August 30, 2021

The Imposter syndrome

The Imposter syndrome

People with imposter syndrome tend to be perfectionists, which means they’re likely to spend hours working overtime to make sure they excel in every single field. So if you do suffer from imposter syndrome, chances are you’re doing a pretty good job.

 

One of the biggest causes for concern in the software development industry is imposter syndrome. These feelings of inadequacy can be present in many of the things that we do, but building software is one of the areas where it is quite common. There are likely a number of reasons for this:

  • Developing software is a multi-faceted activity. From design, to writing code, evaluation and testing. Very few people are truly experts in all of the domains.
  • Software engineering tools and practices change on a regular basis. This often means that best practice might vary from case-to-case and from organization-to-organization.
  • There is inherent subjectivity in such practices. It is not to say for instance that assembly language is better or worse than Python, it just has a different practical use case. The diversity of the field lends itself well to difficult to make comparisons of tools and skill sets.

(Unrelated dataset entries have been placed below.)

Definition ornamentation (d : {ffun V -> {set V}}) : bool :=
  [forall v, ornament (d v) && ([set w in d v | is_maximal (d v) w] == [set v])]
  && [forall v, forall v', [|| d v \subset d v', d v' \subset d v
                             | [disjoint d v & d v']]].

Definition leO (d d' : {ffun V -> {set V}}) : bool := [forall v, d v \subset d' v].
Definition ltO (d d' : {ffun V -> {set V}}) : bool := leO d d' && (d != d').

Definition coverO (d' d : {ffun V -> {set V}}) : bool :=
  [&& ornamentation d', ornamentation d, ltO d' d &
      ~~ [exists d'' : {ffun V -> {set V}},
            [&& ornamentation d'', ltO d' d'' & ltO d'' d]]].

(* Pop(d) = meet of {d} and its lower covers; the meet is pointwise intersection *)
Definition Pop (d : {ffun V -> {set V}}) : {ffun V -> {set V}} :=
  [ffun v => d v :&: \bigcap_(d' | coverO d' d) d' v].

Definition in_Pop_image (d : {ffun V -> {set V}}) : Prop :=
  exists d0, ornamentation d0 /\ Pop d0 = d.

Definition DeltaS (S : {set V}) (u : V) : {set V} := [set w in S | leT w u].

Definition is_o (d : {ffun V -> {set V}}) (u : V) (S : {set V}) : Prop :=
  ((exists w, S = d w) /\ d u \proper S /\
     forall w', d u \proper d w' -> ~~ (d w' \proper S))
  \/ ((forall w, ~~ (d u \proper d w)) /\ S = [set: V]).

End Ornaments.

From mathcomp Require Import all_boot.
Set Implicit Arguments. Unset Strict Implicit. Unset Printing Implicit Defensive.

(* Call x a top of d u if d x is a maximal
   ornament of d strictly inside d u, and a minimal top if moreover no other
   top lies below x in the tree. The lower covers of d are exactly the
   ornamentations obtained by deleting from d u the nodes below one minimal
   top of d u, so Pop(d)(u) is d u minus the down-sets of its minimal tops.
   If d = Pop(D) and u' is a child of u lying in d u, some minimal top
   y <= u' of D u is deleted from d u but kept in o_u, so y lies in
   Delta_{o_u}(u') and not in Delta_{d u}(u'). Conversely, if the condition
   holds then d = Pop(d0) for the ornamentation d0(u) = Delta_{o_u}(u): every
   node of d0 u outside d u lies below a minimal top, while a node of d u
   below a minimal top y of d0 u would make y a child of u, and then the node
   separating Delta_{d u}(y) from Delta_{o_u}(y) lies in d0 y, which is
   contained in o_y = d u. *)

Section OrnamentationPop.
Variables (V : finType) (r : V) (par : V -> V).
Hypothesis tree : is_rooted_tree r par.

Local Notation "x <=T y" := (leT par x y) (at level 70, no associativity).

(** * The tree order *)

Lemma iter_par_root k : iter k par r = r.
Proof. by case: tree => par_r _; elim: k => //= k ->. Qed.

Lemma leTP x y : reflect (exists k, iter k par x = y) (x <=T y).
Proof.
apply: (iffP existsP) => [[k /eqP <-]|[k <-]]; first by exists k.
have k_lt : findex par x (iter k par x) < #|V|.
  by rewrite (leq_trans (findex_max (fconnect_iter par k x))) // max_card.
by exists (Ordinal k_lt); rewrite /= iter_findex // fconnect_iter.
Qed.

Lemma leTT x : x <=T x.
Proof. by apply/leTP; exists 0. Qed.

Lemma leT_trans y x z : x <=T y -> y <=T z -> x <=T z.
Proof. by move=> /leTP [a <-] /leTP [b <-]; apply/leTP; exists (b + a); rewrite iterD. Qed.

Lemma leT_par x : x <=T par x.
Proof. by apply/leTP; exists 1. Qed.

Lemma leT_antisym x y : x <=T y -> y <=T x -> x = y.
Proof.
move=> /leTP [[|a] xy] /leTP [b yx] //.
have cycle m : iter (m * (b + a.+1)) par x = x.
  by elim: m => // m IH; rewrite mulSn iterD IH iterD xy yx.
have x_root : x = r.
  case: tree => _ /(_ x) [k xk]; rewrite -(cycle k) -(subnK (leq_pmulr k _)) ?addnS //.
  by rewrite iterD xk iter_par_root.
by move: xy; rewrite x_root iter_par_root.
Qed.

Lemma leT_total w a b : w <=T a -> w <=T b -> (a <=T b) || (b <=T a).
Proof.
move=> /leTP [i <-] /leTP [j <-]; case: (leqP i j) => [ij|/ltnW ji].
  by apply/orP; left; apply/leTP; exists (j - i); rewrite -iterD subnK.
by apply/orP; right; apply/leTP; exists (i - j); rewrite -iterD subnK.
Qed.

Lemma par_leT w v : w <=T v -> w != v -> par w <=T v.
Proof.
move=> /leTP [[|k] wv] w_neq_v; first by rewrite -wv eqxx in w_neq_v.
by apply/leTP; exists k; rewrite -iterSr.
Qed.

Lemma par_neq x v : x <=T v -> x != v -> par x != x.
Proof.
move=> xv x_neq_v; apply/eqP => par_x.
have x_root : x = r.
  by case: tree => _ /(_ x) [k <-]; elim: k => //= k <-; rewrite par_x.
have : v <=T x by rewrite x_root; apply/leTP; case: tree => _ /(_ v).
by move/(leT_antisym xv)/eqP; rewrite (negbTE x_neq_v).
Qed.

Lemma leT_child y u : y <=T u -> y != u ->
  exists c, [/\ par c = u, c != u & y <=T c].
Proof.
move=> /leTP [k]; elim: k y => [|k IH] y yu y_neq_u; first by rewrite -yu eqxx in y_neq_u.
rewrite iterSr in yu; case: (eqVneq (par y) u) => [par_y|par_y_neq].
  by exists y; rewrite leTT.
have [c [par_c c_neq_u yc]] := IH _ yu par_y_neq.
by exists c; split => //; apply: leT_trans (leT_par y) yc.
Qed.

Lemma leT_maximal (P : pred V) x : P x ->
  exists2 m, P m & forall m', P m' -> m <=T m' -> m' = m.
Proof.
move=> Px; have [m Pm m_min] := arg_minnP (fun y => #|[set z | y <=T z]|) Px.
exists m => // m' Pm' mm'; apply/eqP/negPn/negP => m'_neq_m.
have : [set z | m' <=T z] \proper [set z | m <=T z].
  apply/properP; split; first by apply/subsetP => z; rewrite !inE; apply: leT_trans.
  exists m; rewrite !inE ?leTT //; apply: contra m'_neq_m => m'm.
  by rewrite (leT_antisym mm' m'm).
by move/proper_card; rewrite ltnNge m_min.
Qed.

Lemma leT_minimal (P : pred V) x : P x ->
  exists2 m, P m & forall m', P m' -> m' <=T m -> m' = m.
Proof.
move=> Px; have [m Pm m_min] := arg_minnP (fun y => #|[set z | z <=T y]|) Px.
exists m => // m' Pm' m'm; apply/eqP/negPn/negP => m'_neq_m.
have : [set z | z <=T m'] \proper [set z | z <=T m].
  apply/properP; split; first by apply/subsetP => z; rewrite !inE => /leT_trans; apply.
  exists m; rewrite !inE ?leTT //; apply: contra m'_neq_m => mm'.
  by rewrite (leT_antisym m'm mm').
by move/proper_card; rewrite ltnNge m_min.
Qed.

(** * Ornaments and ornamentations *)

Definition ornament_top (S : {set V}) v :=
  (v \in S) && [forall w in S, (w <=T v) && ((w != v) ==> (par w \in S))].

Lemma ornament_topP (S : {set V}) v :
  reflect (v \in S /\ forall w, w \in S -> w <=T v /\ (w != v -> par w \in S))
          (ornament_top S v).
Proof.
apply: (iffP andP) => [[v_in /forall_inP S_top]|[v_in S_top]]; split => //.
  by move=> w /S_top /andP [-> /implyP].
by apply/forall_inP => w /S_top [-> /implyP].
Qed.

Section OrnamentTop.
Variables (S : {set V}) (v : V).

Lemma ornament_top_in : ornament_top S v -> v \in S.
Proof. by case/ornament_topP. Qed.

Lemma ornament_top_le w : ornament_top S v -> w \in S -> w <=T v.
Proof. by move=> /ornament_topP [_ S_top] /S_top []. Qed.

Lemma ornament_top_par w : ornament_top S v -> w \in S -> w != v -> par w \in S.
Proof. by move=> /ornament_topP [_ S_top] /S_top []. Qed.

Lemma ornament_top_convex x y : ornament_top S v -> x \in S -> x <=T y -> y <=T v -> y \in S.
Proof.
move=> S_top + /leTP [k <-]; elim: k x => [|k IH] x x_in yv //; rewrite iterSr in yv *.
case: (eqVneq x v) => [x_v|x_neq_v]; last exact: IH (ornament_top_par S_top x_in x_neq_v) yv.
have vy : v <=T iter k par (par v) by apply/leTP; exists k.+1; rewrite iterSr.
by rewrite x_v in yv *; rewrite (leT_antisym yv vy) ornament_top_in.
Qed.

End OrnamentTop.

Definition adj_in (S : {set V}) := [rel a b | [&& a \in S, b \in S & adjT par a b]].

Lemma ornament_top_connect (S : {set V}) v x : ornament_top S v -> x \in S ->
  connect (adj_in S) x v /\ connect (adj_in S) v x.
Proof.
move=> S_top x_in; have /leTP [k] := ornament_top_le S_top x_in.
elim: k x x_in => [|k IH] x x_in xv; first by rewrite -xv connect0.
case: (eqVneq x v) => [->|x_neq_v]; first by rewrite connect0.
have par_in := ornament_top_par S_top x_in x_neq_v.
have [par_v v_par] := IH _ par_in (etrans (esym (iterSr _ _ _)) xv).
have par_x_neq := par_neq (ornament_top_le S_top x_in) x_neq_v.
have x_par : adj_in S x (par x) by rewrite /= x_in par_in /adjT eq_sym par_x_neq eqxx.
have par_x : adj_in S (par x) x by rewrite /= x_in par_in /adjT par_x_neq eqxx orbT.
by split; [apply: connect_trans par_v|apply: connect_trans v_par _]; apply: connect1.
Qed.

Lemma adj_in_path_exit (S : {set V}) w x p : x <=T w -> path (adj_in S) x p ->
  ~~ (last x p <=T w) -> par w \in S.
Proof.
elim: p x => [|y p IH] x /= xw; first by rewrite xw.
case/andP => /and3P [x_in y_in /andP [_ /orP [/eqP par_x|/eqP par_y]]] p_path p_exit.
  case: (boolP (y <=T w)) => [yw|y_not_w]; first exact: IH yw p_path p_exit.
  case: (eqVneq x w) => [<-|x_neq_w]; first by rewrite par_x.
  by rewrite -par_x par_leT in y_not_w.
case: (boolP (y <=T w)) => [yw|y_not_w]; first exact: IH yw p_path p_exit.
by rewrite (leT_trans (leT_par y)) // par_y in y_not_w.
Qed.

Lemma ornament_topE (S : {set V}) v :
  ornament par S && ([set w in S | is_maximal par S w] == [set v]) = ornament_top S v.
Proof.
apply/idP/idP => [/andP [/andP [_ /forall_inP S_conn] /eqP S_max]|S_top].
  have [v_in /andP [_ /forall_inP v_max]] : v \in S /\ is_maximal par S v.
    by have := set11 v; rewrite -S_max inE => /andP [].
  have below_v w : w \in S -> w <=T v.
    move=> w_in; have [m /andP [m_in wm] m_max] :=
      @leT_maximal [pred m | (m \in S) && (w <=T m)] w (introT andP (conj w_in (leTT w))).
    suff : m \in [set w in S | is_maximal par S w] by rewrite S_max inE => /eqP <-.
    rewrite inE /is_maximal m_in; apply/forall_inP => x x_in; apply/implyP => mx.
    by apply/eqP/m_max; rewrite //= x_in (leT_trans wm mx).
  apply/ornament_topP; split=> // w w_in; split=> [|w_neq_v]; first exact: below_v.
  have /connectP [p p_path v_last] := forall_inP (S_conn _ w_in) _ v_in.
  apply: adj_in_path_exit (leTT w) p_path _; rewrite -v_last.
  by apply: contra w_neq_v => vw; rewrite (leT_antisym (below_v _ w_in) vw).
apply/andP; split.
  apply/andP; split; first by apply/set0Pn; exists v; apply: ornament_top_in S_top.
  apply/forall_inP => x x_in; apply/forall_inP => y y_in.
  apply: connect_trans (ornament_top_connect S_top x_in).1 (ornament_top_connect S_top y_in).2.
apply/eqP/setP => w; rewrite !inE /is_maximal.
apply/idP/idP => [/andP [w_in /andP [_ /forall_inP w_max]]|/eqP ->].
  by rewrite eq_sym -(implyTb (v == w)) -(ornament_top_le S_top w_in) w_max ?ornament_top_in.
rewrite ornament_top_in //; apply/forall_inP => x x_in; apply/implyP => vx.
by rewrite (leT_antisym (ornament_top_le S_top x_in) vx).
Qed.

Local Notation orn := (ornamentation par).
Local Notation FF := {ffun V -> {set V}}.

Section Ornamentation.
Variable d : FF.

Lemma ornamentation_top v : orn d -> ornament_top (d v) v.
Proof. by move=> /andP [/forallP /(_ v) + _]; rewrite ornament_topE. Qed.

Lemma ornamentation_in v : orn d -> v \in d v.
Proof. by move/(ornamentation_top v)/ornament_top_in. Qed.

Lemma ornamentation_le v w : orn d -> w \in d v -> w <=T v.
Proof. by move=> /(ornamentation_top v)/ornament_top_le; apply. Qed.

Lemma ornamentation_nested a b t : orn d -> t \in d a -> t \in d b ->
  d a \subset d b \/ d b \subset d a.
Proof.
move=> /andP [_ /forallP /(_ a) /forallP /(_ b) /or3P [ab|ba|dis]] ta tb; [by left|by right|].
by rewrite (disjointFr dis ta) in tb.
Qed.

Lemma ornamentation_sub v w : orn d -> w \in d v -> d w \subset d v.
Proof.
move=> d_orn w_in; case: (ornamentation_nested d_orn (ornamentation_in w d_orn) w_in) => // vw.
have v_in := subsetP vw _ (ornamentation_in v d_orn).
by rewrite (leT_antisym (ornamentation_le d_orn w_in) (ornamentation_le d_orn v_in)).
Qed.

Lemma ornamentation_proper v w : orn d -> w \in d v -> w != v -> d w \proper d v.
Proof.
move=> d_orn w_in w_neq_v; rewrite properEneq ornamentation_sub // andbT.
apply: contra w_neq_v => /eqP dwv; have v_in : v \in d w by rewrite dwv ornamentation_in.
by rewrite (leT_antisym (ornamentation_le d_orn w_in) (ornamentation_le d_orn v_in)).
Qed.

Lemma proper_ornamentation_in v w : orn d -> d v \proper d w -> v \in d w.
Proof. by move=> d_orn /proper_sub/subsetP; apply; apply: ornamentation_in. Qed.

Lemma proper_ornamentation_le v w : orn d -> d v \proper d w -> v <=T w.
Proof. by move=> d_orn /(proper_ornamentation_in d_orn)/(ornamentation_le d_orn). Qed.

End Ornamentation.

Lemma ornamentation_intro (d : FF) : (forall v, ornament_top (d v) v) ->
  (forall v w, w \in d v -> d w \subset d v) -> orn d.
Proof.
move=> d_top d_sub; apply/andP; split; first by apply/forallP => v; rewrite ornament_topE.
apply/forallP => v; apply/forallP => v'; case: (boolP [disjoint d v & d v']); rewrite ?orbT //.
rewrite -setI_eq0 => /set0Pn [t]; rewrite inE => /andP [tv tv'].
have tv_le := ornament_top_le (d_top v) tv; have tv'_le := ornament_top_le (d_top v') tv'.
have [v_v'|v'_v] := orP (leT_total tv_le tv'_le).
  by rewrite d_sub // (ornament_top_convex (d_top v') tv' tv_le v_v').
by rewrite (d_sub v v') ?orbT // (ornament_top_convex (d_top v) tv tv'_le v'_v).
Qed.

I want you to try to consider this in the realms of reality and be honest on reflection. The best developers experience this feeling. Try not to let it be something that is debilitating in your experience but instead embrace the complexity as a challenge and an opportunity to grow and develop.

 

There is evidence to suggest that imposter syndrome correlates with success—and that those who don’t suffer imposter symptom are more likely to be the real frauds.